| Action item |
Look through the records below for the line with "Lemma ord_half_even j". Return that line and each one after it up to and including the line with "Lemma odd_sum_odd (I", exactly.

Collected data:
╭──
Lemma pauli_mx_const_I n : pauli_mx R [ffun _ : 'I_n => pI] = 1%:M.
Proof.
apply/matrixP => r c; rewrite pauli_mxE mxE.
have [->|neq_rc] := eqVneq r c.
  by apply: big1 => j _; rewrite ffunE /pauli1 /= eqxx.
have /existsP [j neq_j] : [exists j, qubits r j != qubits c j].
  rewrite -negb_forall; apply: contra neq_rc => /forallP eq_rc.
  by apply/eqP/qubits_inj/ffunP => j; apply/eqP.
by rewrite (bigD1 j) //= ffunE /pauli1 /= (negbTE neq_j) mul0r.
Qed.

Lemma mxtrace_pauli_mul n (p q : {ffun 'I_n -> 'I_4}) :
  \tr (pauli_mx R p *m pauli_mx R q) = if p == q then 2 ^+ n else 0.
Proof.
rewrite pauli_mx_mul mxtraceZ mxtrace_pauli.
have [->|neq_pq] := eqVneq p q.
  rewrite big1 ?mul1r => [|j _]; last exact: pauli_phase_diag.
  rewrite (eq_bigr (fun _ => 2)) ?prodr_const ?card_ord // => j _.
  by rewrite ffunE xor_pauli_eqI eqxx.
have /existsP [j neq_j] : [exists j, p j != q j].
  rewrite -negb_forall; apply: contra neq_pq => /forallP eq_pq.
  by apply/eqP/ffunP => j; apply/eqP.
by rewrite [X in _ * X](bigD1 j) //= ffunE xor_pauli_eqI (negbTE neq_j) mul0r mulr0.
Qed.

End PauliAlgebra.

(** * The Jordan-Wigner correspondence *)

Definition majorana_string n (k : 'I_(2 * n)) : {ffun 'I_n -> 'I_4} :=
  [ffun i : 'I_n =>
     if (i < k./2)%N then PZ
     else if (i == k./2 :> nat) then (if odd k then PY else PX)
     else PI].

(* Up to phase, the Pauli string of the Majorana monomial c_k1 ... c_kr, s = [:: k1; ...; kr]. *)
Definition jw_string n (s : seq 'I_(2 * n)) : {ffun 'I_n -> 'I_4} :=
  [ffun j : 'I_n =>
     pauli_xz (odd (count (fun k : 'I_(2 * n) => k./2 == j) s))
              (odd (count (fun k : 'I_(2 * n) => j.*2.+1 <= k)%N s))].

Lemma xbit_majorana_string n (k : 'I_(2 * n)) j :
  xbit (majorana_string k j) = (k./2 == j).
Proof.
have [vX vY vZ vI] : [/\ val PX = 1, val PY = 2, val PZ = 3 & val PI = 0]%N
  by split; exact: inordK.
rewrite ffunE /xbit; case: ifP => lt_j; first (rewrite vZ /=; lia).
case: ifP => eq_j; first by case: (odd k); rewrite ?vY ?vX /=; lia.
rewrite vI /=; lia.
Qed.

Lemma zbit_majorana_string n (k : 'I_(2 * n)) (j : 'I_n) :
  zbit (majorana_string k j) = (j.*2.+1 <= k)%N.
Proof.
have [vX vY vZ vI] : [/\ val PX = 1, val PY = 2, val PZ = 3 & val PI = 0]%N
  by split; exact: inordK.
have k_eq := odd_double_half k.
rewrite ffunE /zbit; case: ifP => lt_j; first (rewrite vZ /=; lia).
case: ifP => eq_j; last by rewrite vI /=; lia.
by case odd_k: (odd k); rewrite ?vY ?vX /=; rewrite odd_k in k_eq; lia.
Qed.

Lemma jw_string_cons n (k : 'I_(2 * n)) s :
  jw_string (k :: s) = xor_string (majorana_string k) (jw_string s).
Proof.
apply/ffunP => j; have := xbit_majorana_string k j; have := zbit_majorana_string k j.
rewrite !ffunE /xor_pauli xbit_pauli_xz zbit_pauli_xz => -> ->; rewrite /= !oddD.
by case: (k./2 == j); case: (j.*2.+1 <= k)%N.
Qed.

Lemma majorana_foldr_pauli (R : realType) n (s : seq 'I_(2 * n)) :
  exists2 c : R[i], c != 0 &
    foldr (fun k M => majorana R k *m M) 1%:M s = c *: pauli_mx R (jw_string s).
Proof.
elim: s => [|k s [c c_neq0 IHs]] /=.
  exists 1; first exact: oner_neq0.
  by rewrite scale1r -(pauli_mx_const_I R n); congr (pauli_mx R _).
exists (c * \prod_(j < n) pauli_phase R (majorana_string k j) (jw_string s j)).
  by rewrite mulf_neq0 // prodf_seq_neq0; apply/allP => j _; rewrite pauli_phase_neq0.
by rewrite IHs -scalemxAr /majorana -/(majorana_string k) pauli_mx_mul scalerA jw_string_cons.
Qed.

Section OrdPairs.
Variable n : nat.

Lemma ord_half_subproof (k : 'I_(2 * n)) : (k./2 < n)%N.
Proof. by have := ltn_ord k; lia. Qed.
Lemma even_ord_subproof (j : 'I_n) : (j.*2 < 2 * n)%N.
Proof. by have := ltn_ord j; lia. Qed.
Lemma odd_ord_subproof (j : 'I_n) : (j.*2.+1 < 2 * n)%N.
Proof. by have := ltn_ord j; lia. Qed.

Definition ord_half (k : 'I_(2 * n)) : 'I_n := Ordinal (ord_half_subproof k).
Definition even_ord (j : 'I_n) : 'I_(2 * n) := Ordinal (even_ord_subproof j).
Definition odd_ord (j : 'I_n) : 'I_(2 * n) := Ordinal (odd_ord_subproof j).

Lemma ord_half_even j : ord_half (even_ord j) = j.
Proof. by apply: val_inj => /=; lia. Qed.
Lemma ord_half_odd j : ord_half (odd_ord j) = j.
Proof. by apply: val_inj => /=; lia. Qed.
Lemma odd_even_ord j : odd (even_ord j) = false.
Proof. by rewrite /= odd_double. Qed.
Lemma odd_odd_ord j : odd (odd_ord j) = true.
Proof. by rewrite /= odd_double. Qed.

Lemma big_ord_pairs (T : Type) (idx : T) (op : Monoid.com_law idx)
    (F : 'I_(2 * n) -> T) :
  \big[op/idx]_(k : 'I_(2 * n)) F k =
  \big[op/idx]_(j : 'I_n) op (F (even_ord j)) (F (odd_ord j)).
Proof.
pose pair_ord jb := if jb.2 then odd_ord jb.1 else even_ord jb.1.
have pair_bij : bijective pair_ord.
  exists (fun k => (ord_half k, odd k)).
    by case=> j []; rewrite /pair_ord /= ?ord_half_odd ?ord_half_even ?odd_odd_ord ?odd_even_ord.
  move=> k; apply: val_inj; rewrite /pair_ord.
  by have := odd_double_half k; case: (odd k) => /=; lia.
rewrite (reindex pair_ord) /=; last exact: onW_bij.
rewrite -(pair_bigA op (fun j b => F (pair_ord (j, b)))) /=.
by apply: eq_bigr => j _; rewrite big_bool Monoid.mulmC.
Qed.

End OrdPairs.

Lemma count_enum_set (I : finType) (S : {set I}) (P : pred I) :
  count P (enum S) = (\sum_(k : I) ((k \in S) && P k))%N.
Proof.
rewrite -sum1_count big_enum_cond big_mkcond /=.
by apply: eq_bigr => k _; case: (_ && _).
Qed.

Lemma odd_sum_odd (I : finType) (P : pred I) (F : I -> nat) :
  odd (\sum_(i | P i) F i)%N = odd (\sum_(i | P i) odd (F i))%N.
Proof.
apply: (big_ind2 (fun a b => odd a = odd b)) => // [x1 x2 y1 y2 e1 e2|i _].
  by rewrite !oddD e1 e2.
by rewrite oddb.
Qed.

Lemma xbit_jw_string n (S : {set 'I_(2 * n)}) (j : 'I_n) :
  xbit (jw_string (enum S) j) = (even_ord j \in S) (+) (odd_ord j \in S).
Proof.
rewrite ffunE xbit_pauli_xz count_enum_set big_ord_pairs /= (bigD1 j) //= big1 ?addn0.
  by rewrite !doubleK uphalf_double eqxx !andbT oddD !oddb.
move=> j' neq_j.
have -> : ((j'.*2)./2 == j) = false by rewrite doubleK; exact: negbTE.
have -> : ((j'.*2.+1)./2 == j) = false.
  by rewrite -[(j'.*2.+1)./2]/(uphalf j'.*2) uphalf_double; exact: negbTE.
by rewrite !andbF.
Qed.

Lemma zbit_jw_string n (S : {set 'I_(2 * n)}) (j : 'I_n) :
  zbit (jw_string (enum S) j) = (odd_ord j \in S) (+)
    odd (\sum_(j' : 'I_n | (j < j')%N) ((even_ord j' \in S) + (odd_ord j' \in S)))%N.
Proof.
rewrite ffunE zbit_pauli_xz count_enum_set big_ord_pairs /= (bigD1 j) //=.
have -> : (j.*2.+1 <= j.*2)%N = false by lia.
rewrite leqnn andbF andbT add0n oddD oddb; congr (_ (+) odd _).
rewrite big_mkcond [RHS]big_mkcond /=; apply: eq_bigr => j' _.
case: (ltngtP j j') => cmp.
- have -> : j' != j by rewrite neq_ltn cmp orbT.
  have -> : (j.*2.+1 <= j'.*2)%N by lia.
  have -> : (j.*2.+1 <= j'.*2.+1)%N by lia.
  by rewrite !andbT.
- have -> : (j.*2.+1 <= j'.*2)%N = false by lia.
  have -> : (j.*2.+1 <= j'.*2.+1)%N = false by lia.
  by rewrite !andbF; case: (_ != _).
- by rewrite (_ : j' = j) ?eqxx //; apply: val_inj; rewrite /= cmp.
Qed.

Section JordanWigner.
Variable n : nat.
Implicit Types (p : {ffun 'I_n -> 'I_4}) (S : {set 'I_(2 * n)}).

Definition jw_parity p (j : 'I_n) : bool :=
  odd (\sum_(j' : 'I_n | (j < j')%N) xbit (p j')).

(* Solving [xbit_jw_string] and [zbit_jw_string] for the memberships of [2j] ([b = false])
   and [2j+1] ([b = true]), from the last qubit downwards. *)
Definition jw_bit p (j : 'I_n) (b : bool) : bool :=
  zbit (p j) (+) jw_parity p j (+) (~~ b && xbit (p j)).

Definition jw_support p : {set 'I_(2 * n)} :=
  [set k | jw_bit p (ord_half k) (odd k)].

Lemma even_ord_jw_support p j : (even_ord j \in jw_support p) = jw_bit p j false.
Proof. by rewrite inE ord_half_even odd_even_ord. Qed.
Lemma odd_ord_jw_support p j : (odd_ord j \in jw_support p) = jw_bit p j true.
Proof. by rewrite inE ord_half_odd odd_odd_ord. Qed.

Lemma jw_string_supportK p : jw_string (enum (jw_support p)) = p.
Proof.
apply/ffunP => j; rewrite -[RHS]pauli_xzK -[LHS]pauli_xzK.
rewrite xbit_jw_string zbit_jw_string odd_sum_odd.
under eq_bigr => j' _ do rewrite oddD !oddb even_ord_jw_support odd_ord_jw_support.
have -> : (\sum_(j' < n | (j < j')%N) (jw_bit p j' false (+) jw_bit p j' true))%N =
          (\sum_(j' < n | (j < j')%N) xbit (p j'))%N.
  apply: eq_bigr => j' _; rewrite /jw_bit.
  by case: (xbit _); case: (zbit _); case: (jw_parity _ _).
rewrite -/(jw_parity p j) even_ord_jw_support odd_ord_jw_support /jw_bit.
by case: (xbit _); case: (zbit _); case: (jw_parity _ _).
Qed.

Lemma jw_bit_string S (j : 'I_n) b :
  jw_bit (jw_string (enum S)) j b = if b then odd_ord j \in S else even_ord j \in S.
Proof.
rewrite /jw_bit /jw_parity xbit_jw_string zbit_jw_string odd_sum_odd.
rewrite [X in _ (+) X (+) _]odd_sum_odd.
have -> : (\sum_(j' < n | (j < j')%N) odd (xbit (jw_string (enum S) j')))%N =
          (\sum_(j' < n | (j < j')%N) odd ((even_ord j' \in S) + (odd_ord j' \in S)))%N.
  by apply: eq_bigr => j' _; rewrite xbit_jw_string oddD !oddb.
by case: b; case: (even_ord j \in S); case: (odd_ord j \in S); case: (odd _).
Qed.

Lemma jw_support_stringK S : jw_support (jw_string (enum S)) = S.
Proof.
apply/setP => k; rewrite inE jw_bit_string.
have := odd_double_half k.
by case: (odd k) => k_eq; congr (_ \in S); apply: val_inj => /=; lia.
Qed.

Definition jw_degree p (j : 'I_n) : nat :=
  if xbit (p j) then 1%N else ((zbit (p j) (+) jw_parity p j) : nat).*2.

Lemma card_jw_support p : #|jw_support p| = (\sum_(j : 'I_n) jw_degree p j)%N.
Proof.
rewrite -sum1_card big_mkcond /= big_ord_pairs /=; apply: eq_bigr => j _.
rewrite even_ord_jw_support odd_ord_jw_support /jw_degree /jw_bit.
by case: (xbit _); case: (zbit _); case: (jw_parity _ _).
Qed.

Lemma in_L_pauli (R : realType) alpha p :
  in_L alpha (pauli_mx R p) <-> #|jw_support p| = alpha.
Proof.
split=> [[a pE]|card_alpha].
  apply/eqP; apply: contraT => card_neq.
  suff : \tr (pauli_mx R p *m pauli_mx R p) = 0.
    by rewrite mxtrace_pauli_mul eqxx => /eqP; rewrite expf_eq0 pnatr_eq0 andbF.
  rewrite [X in _ *m X]pE mulmx_sumr raddf_sum /=; apply: big1 => S /eqP card_S.
  have [c _ cE] := majorana_foldr_pauli R (enum S).
  rewrite -scalemxAr mxtraceZ /majorana_prod cE -scalemxAr mxtraceZ mxtrace_pauli_mul.
  case: eqP => [p_eq|]; last by rewrite !mulr0.
  by move: card_neq; rewrite p_eq jw_support_stringK card_S eqxx.
have [c c_neq0 cE] := majorana_foldr_pauli R (enum (jw_support p)).
exists (fun S => if S == jw_support p then c^-1 else 0).
rewrite (bigD1 (jw_support p)) /=; last by rewrite card_alpha.
rewrite eqxx big1 ?addr0 => [|S /andP[_ /negbTE ->]]; last by rewrite scale0r.
by rewrite /majorana_prod cE jw_string_supportK scalerA mulVf // scale1r.
Qed.

End JordanWigner.

(** * Block structure of the state *)

Section Blocks.
Variable m : nat.

Lemma block_idx_subproof (b : 'I_m) (t : 'I_4) : (4 * b + t < m * 4)%N.
Proof. by have := ltn_ord b; have := ltn_ord t; lia. Qed.
Lemma block_of_subproof (j : 'I_(m * 4)) : (j %/ 4 < m)%N.
Proof. by have := ltn_ord j; lia. Qed.

Definition block_idx (b : 'I_m) (t : 'I_4) : 'I_(m * 4) := Ordinal (block_idx_subproof b t).
Definition block_of (j : 'I_(m * 4)) : 'I_m := Ordinal (block_of_subproof j).
Definition block_pos (j : 'I_(m * 4)) : 'I_4 := Ordinal (ltn_pmod j (isT : 0 < 4)%N).

Lemma block_of_idx b t : block_of (block_idx b t) = b.
Proof. by apply: val_inj => /=; have := ltn_ord t; lia. Qed.
Lemma block_pos_idx b t : block_pos (block_idx b t) = t.
Proof. by apply: val_inj => /=; have := ltn_ord t; lia. Qed.
Lemma block_idxK j : block_idx (block_of j) (block_pos j) = j.
Proof. by apply: val_inj => /=; lia. Qed.

Lemma big_ord_blocks (T : Type) (idx : T) (op : Monoid.com_law idx)
    (F : 'I_(m * 4) -> T) :
  \big[op/idx]_(j : 'I_(m * 4)) F j =
  \big[op/idx]_(b : 'I_m) \big[op/idx]_(t : 'I_4) F (block_idx b t).
Proof.
rewrite pair_bigA /= (reindex (fun bt : 'I_m * 'I_4 => block_idx bt.1 bt.2)) //.
apply: onW_bij; exists (fun j => (block_of j, block_pos j)) => [[b t]|j] /=.
  by rewrite block_of_idx block_pos_idx.
by rewrite block_idxK.
Qed.

Definition flatten_blocks (T : Type) (h : {ffun 'I_m -> {ffun 'I_4 -> T}}) :
  {ffun 'I_(m * 4) -> T} := [ffun j => h (block_of j) (block_pos j)].

Lemma flatten_blocksE T h b t : @flatten_blocks T h (block_idx b t) = h b t.
Proof. by rewrite ffunE block_of_idx block_pos_idx. Qed.

Lemma flatten_blocks_row T h b : [ffun t => @flatten_blocks T h (block_idx b t)] = h b.
Proof. by apply/ffunP => t; rewrite ffunE flatten_blocksE. Qed.

Lemma big_flatten_blocks (T : finType) (U : Type) (idx : U) (op : Monoid.com_law idx)
    (F : {ffun 'I_(m * 4) -> T} -> U) :
  \big[op/idx]_(f : {ffun 'I_(m * 4) -> T}) F f =
  \big[op/idx]_(h : {ffun 'I_m -> {ffun 'I_4 -> T}}) F (flatten_blocks h).
Proof.
rewrite (reindex (@flatten_blocks T)) //; apply: onW_bij.
pose unflatten (f : {ffun 'I_(m * 4) -> T}) : {ffun 'I_m -> {ffun 'I_4 -> T}} :=
  [ffun b => [ffun t => f (block_idx b t)]].
exists unflatten => [h|f].
  by apply/ffunP => b; rewrite ffunE flatten_blocks_row.
by apply/ffunP => j; rewrite !ffunE block_idxK.
Qed.

End Blocks.

Lemma eq_ffun4 (T : Type) (v w : {ffun 'I_4 -> T}) :
  v pI = w pI -> v pX = w pX -> v pY = w pY -> v pZ = w pZ -> v = w.
Proof.
move=> eI eX eY eZ; apply/ffunP => -[[|[|[|[|t]]]] lt_t] //.
- by rewrite (_ : Ordinal _ = pI) //; apply: val_inj.
- by rewrite (_ : Ordinal _ = pX) //; apply: val_inj.
- by rewrite (_ : Ordinal _ = pY) //; apply: val_inj.
- by rewrite (_ : Ordinal _ = pZ) //; apply: val_inj.
Qed.

Section Expectation.
Variable R : realType.
Variable g : R.
Local Notation C := R[i].

Definition ghz_amp (u : bool) : C := (if u then sin (g / 4) else cos (g / 4))%:C.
╰──
| Answer below |
Lemma ord_half_even j : ord_half (even_ord j) = j.
Proof. by apply: val_inj => /=; lia. Qed.
Lemma ord_half_odd j : ord_half (odd_ord j) = j.
Proof. by apply: val_inj => /=; lia. Qed.
Lemma odd_even_ord j : odd (even_ord j) = false.
Proof. by rewrite /= odd_double. Qed.
Lemma odd_odd_ord j : odd (odd_ord j) = true.
Proof. by rewrite /= odd_double. Qed.

Lemma big_ord_pairs (T : Type) (idx : T) (op : Monoid.com_law idx)
    (F : 'I_(2 * n) -> T) :
  \big[op/idx]_(k : 'I_(2 * n)) F k =
  \big[op/idx]_(j : 'I_n) op (F (even_ord j)) (F (odd_ord j)).
Proof.
pose pair_ord jb := if jb.2 then odd_ord jb.1 else even_ord jb.1.
have pair_bij : bijective pair_ord.
  exists (fun k => (ord_half k, odd k)).
    by case=> j []; rewrite /pair_ord /= ?ord_half_odd ?ord_half_even ?odd_odd_ord ?odd_even_ord.
  move=> k; apply: val_inj; rewrite /pair_ord.
  by have := odd_double_half k; case: (odd k) => /=; lia.
rewrite (reindex pair_ord) /=; last exact: onW_bij.
rewrite -(pair_bigA op (fun j b => F (pair_ord (j, b)))) /=.
by apply: eq_bigr => j _; rewrite big_bool Monoid.mulmC.
Qed.

End OrdPairs.

Lemma count_enum_set (I : finType) (S : {set I}) (P : pred I) :
  count P (enum S) = (\sum_(k : I) ((k \in S) && P k))%N.
Proof.
rewrite -sum1_count big_enum_cond big_mkcond /=.
by apply: eq_bigr => k _; case: (_ && _).
Qed.

Lemma odd_sum_odd (I : finType) (P : pred I) (F : I -> nat) :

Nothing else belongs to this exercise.